Presently, Temasek is a leading investor in China with deals ranging from startups and technology giants to banking institutions. Last September, it said that holdings in China had surpassed those its home market for the first time, hitting 29% of total portfolio value as it added to assets despite the increased geopolitical tensions between U.S. and China.

Temasek was also an early investor in Jack Ma’s Ant Group, whose record initial public offering was scrapped by the Chinese government on the eve of the November listing, 3 months ago.

The Chinese government was clearly not happy with Ma and his companies. It berated Ant for sub-par corporate governance, disdain toward regulatory requirements, and engaging in regulatory arbitrage, according to another report from Bloomberg.

The Chinese central bank said Ant used its dominance to exclude rivals, hurting the interests of its hundreds of millions of consumers. It added that Ant needs to set up a separate financial holding company to comply with rules and ensure it has sufficient capital.

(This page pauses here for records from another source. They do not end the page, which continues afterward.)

(* Let $f:N\to M$ be an $\mathcal L$-pure monomorphism with $M$ strict $\mathcal L$-atomic. Then $N$ is strict $\mathcal L$-atomic. In particular, every $\mathcal L$-pure submodule of a strict $\mathcal L$-atomic module is strict $\mathcal L$-atomic.
   Context: $R$ is a ring with $1$; modules are left $R$-modules; $\mathcal L$ is a nonempty class of modules. pp formulas, $\phi(M)$, ${\rm pp}_M(\bar m)$ as usual; $\phi\le_{\mathcal L}\psi$ means $\phi(L)\subseteq\psi(L)$ for all $L\in\mathcal L$. A homomorphism $f:A\to B$ is an $\mathcal L$-pure monomorphism if for every tuple $\bar a$ in $A$ and every pp formula $\phi$ with $f(\bar a)\in\phi(B)$ there is a pp formula $\psi\le_{\mathcal L}\phi$ with $\bar a\in\psi(A)$ (such $f$ need not be injective); a submodule is $\mathcal L$-pure if its inclusion is an $\mathcal L$-pure monomorphism. $(M,\bar m)$ is an $\mathcal L$-free realization of a pp formula $\phi$ if $\bar m\in\phi(M)$ and for every $L\in\mathcal L$ and $\bar c\in\phi(L)$ there is a homomorphism $M\to L$ sending $\bar m$ to $\bar c$. $M$ is strict $\mathcal L$-atomic if every finite tuple in $M$ is an $\mathcal L$-free realization of some pp formula. *)

From HB Require Import structures.
From mathcomp Require Import all_boot all_order all_algebra.
Set Implicit Arguments. Unset Strict Implicit. Unset Printing Implicit Defensive.
Import GRing.Theory.
Local Open Scope ring_scope.

(* A pp formula in n free variables x_0..x_{n-1}:
     exists y_0..y_{m-1},  /\_{i<k}  sum_j A i j x_j + sum_l B i l y_l = 0
   (coefficients act on the left, as appropriate for left R-modules). *)
Record ppf (R : pzRingType) (n : nat) := PPF {
  ppf_m : nat;
  ppf_k : nat;
  ppf_A : 'I_ppf_k -> 'I_n -> R;
  ppf_B : 'I_ppf_k -> 'I_ppf_m -> R }.

Definition pp_sat (R : pzRingType) (n : nat) (phi : ppf R n)
    (M : lmodType R) (x : 'I_n -> M) : Prop :=
  exists y : 'I_(ppf_m phi) -> M,
    forall i : 'I_(ppf_k phi),
      \sum_(j < n) @ppf_A R n phi i j *: x j
      + \sum_(l < ppf_m phi) @ppf_B R n phi i l *: y l = 0.

Definition pp_leL (R : pzRingType) (Lc : lmodType R -> Prop) (n : nat)
    (phi psi : ppf R n) : Prop :=
  forall L : lmodType R, Lc L ->
    forall x : 'I_n -> L, pp_sat phi x -> pp_sat psi x.

Definition Lpure (R : pzRingType) (Lc : lmodType R -> Prop)
    (A B : lmodType R) (f : A -> B) : Prop :=
  forall (n : nat) (a : 'I_n -> A) (phi : ppf R n),
    pp_sat phi (f \o a) ->
    exists psi : ppf R n, pp_leL Lc psi phi /\ pp_sat psi a.

Definition Lfree_realization (R : pzRingType) (Lc : lmodType R -> Prop)
    (n : nat) (phi : ppf R n) (M : lmodType R) (m : 'I_n -> M) : Prop :=
  pp_sat phi m /\
  forall L : lmodType R, Lc L ->
    forall c : 'I_n -> L, pp_sat phi c ->
      exists g : {linear M -> L}, forall i, g (m i) = c i.

Definition strict_Latomic (R : pzRingType) (Lc : lmodType R -> Prop)
    (M : lmodType R) : Prop :=
  forall (n : nat) (m : 'I_n -> M),
    exists phi : ppf R n, Lfree_realization Lc phi m.

From HB Require Import structures.
From mathcomp Require Import all_boot all_order all_algebra.
Local Open Scope ring_scope.

(* Fix a tuple a in N.  Since M is strict L-atomic, f(a) is an L-free
   realization of some pp formula phi.  L-purity of f yields a pp formula
   psi <=_L phi with a in psi(N).  The key observation (lemma
   Lfree_realization_pullback) is that a is then an L-free realization of
   psi: a tuple c in psi(L) lies in phi(L) because psi <=_L phi, so there is
   a homomorphism g : M -> L with g(f(a)) = c, and g o f : N -> L sends a
   to c. *)

Lemma Lfree_realization_pullback (R : pzRingType) (Lc : lmodType R -> Prop)
    (N M : lmodType R) (f : {linear N -> M}) (n : nat) (a : 'I_n -> N)
    (phi psi : ppf R n) :
  Lfree_realization Lc phi (f \o a) ->
  pp_leL Lc psi phi -> pp_sat psi a ->
  Lfree_realization Lc psi a.
Proof.
move=> [_ phi_free] psi_le_phi a_psi; split=> // L Lc_L c c_psi.
have [g g_fa] := phi_free L Lc_L c (psi_le_phi L Lc_L c c_psi).
by exists (g \o f)%FUN => i; exact: g_fa.
Qed.

Lemma Lpure_strict_Latomic (R : pzRingType) (Lc : lmodType R -> Prop)
    (N M : lmodType R) (f : {linear N -> M}) :
  Lpure Lc f -> strict_Latomic Lc M -> strict_Latomic Lc N.
Proof.
move=> f_pure M_atomic n a.
have [phi phi_free] := M_atomic n (f \o a).
have [psi [psi_le_phi a_psi]] := f_pure n a phi (proj1 phi_free).
by exists psi; exact: Lfree_realization_pullback phi_free psi_le_phi a_psi.
Qed.

Theorem lemma2p3 (R : pzRingType) (Lc : lmodType R -> Prop)
    (HL : exists L0 : lmodType R, Lc L0) :
  (forall (N M : lmodType R) (f : {linear N -> M}),
      Lpure Lc f -> strict_Latomic Lc M -> strict_Latomic Lc N) /\
  (forall (M : lmodType R) (P : pred M) (N : @subLmodType R M P),
      Lpure Lc (val : N -> M) -> strict_Latomic Lc M -> strict_Latomic Lc N).
Proof.
split; first exact: Lpure_strict_Latomic.
move=> M P N val_pure M_atomic.
exact: (@Lpure_strict_Latomic R Lc N M (val : {linear N -> M}) val_pure M_atomic).
Qed.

Valued at about US$315 billion before its initial public offering was halted, Ant corralled investments from some of the world’s biggest funds, including Temasek and GIC. The global investors backed the company when it was valued at about US$150 billion in its last round of fundraising in 2018. A break-up of Ant would make the return on their investments uncertain, with the timeline for an IPO that was due in November now pushed into the distant future.

Ant’s payments business alone is said to have left much less to the imagination. While the service handled US$17 trillion of transactions in one year, online payments have largely been loss-making. The two biggest mobile payments operators, Ant and Tencent, have heavily subsidized the businesses, using them as a gateway to win over users. To make money, they leveraged the payments services to cross sell products including wealth management and credit lending.

“Ant’s growth potential will be capped with the focus back onto its payments services,” said Chen Shujin, a Hong Kong-based head of China financial research at Jefferies Financial Group Inc. “On the mainland, the online payments industry is saturated and Ant’s market share pretty much reached its limit.”

Temasek’s and GIC’s investments in Ma’s Ant Group are now stuck until Ma could sort out the mess with the Chinese authorities.

Meanwhile, Temasek’s net portfolio value fell for the first time in four years to S$306 billion in the last fiscal year, after financial markets crashed during the early phase of the pandemic last year.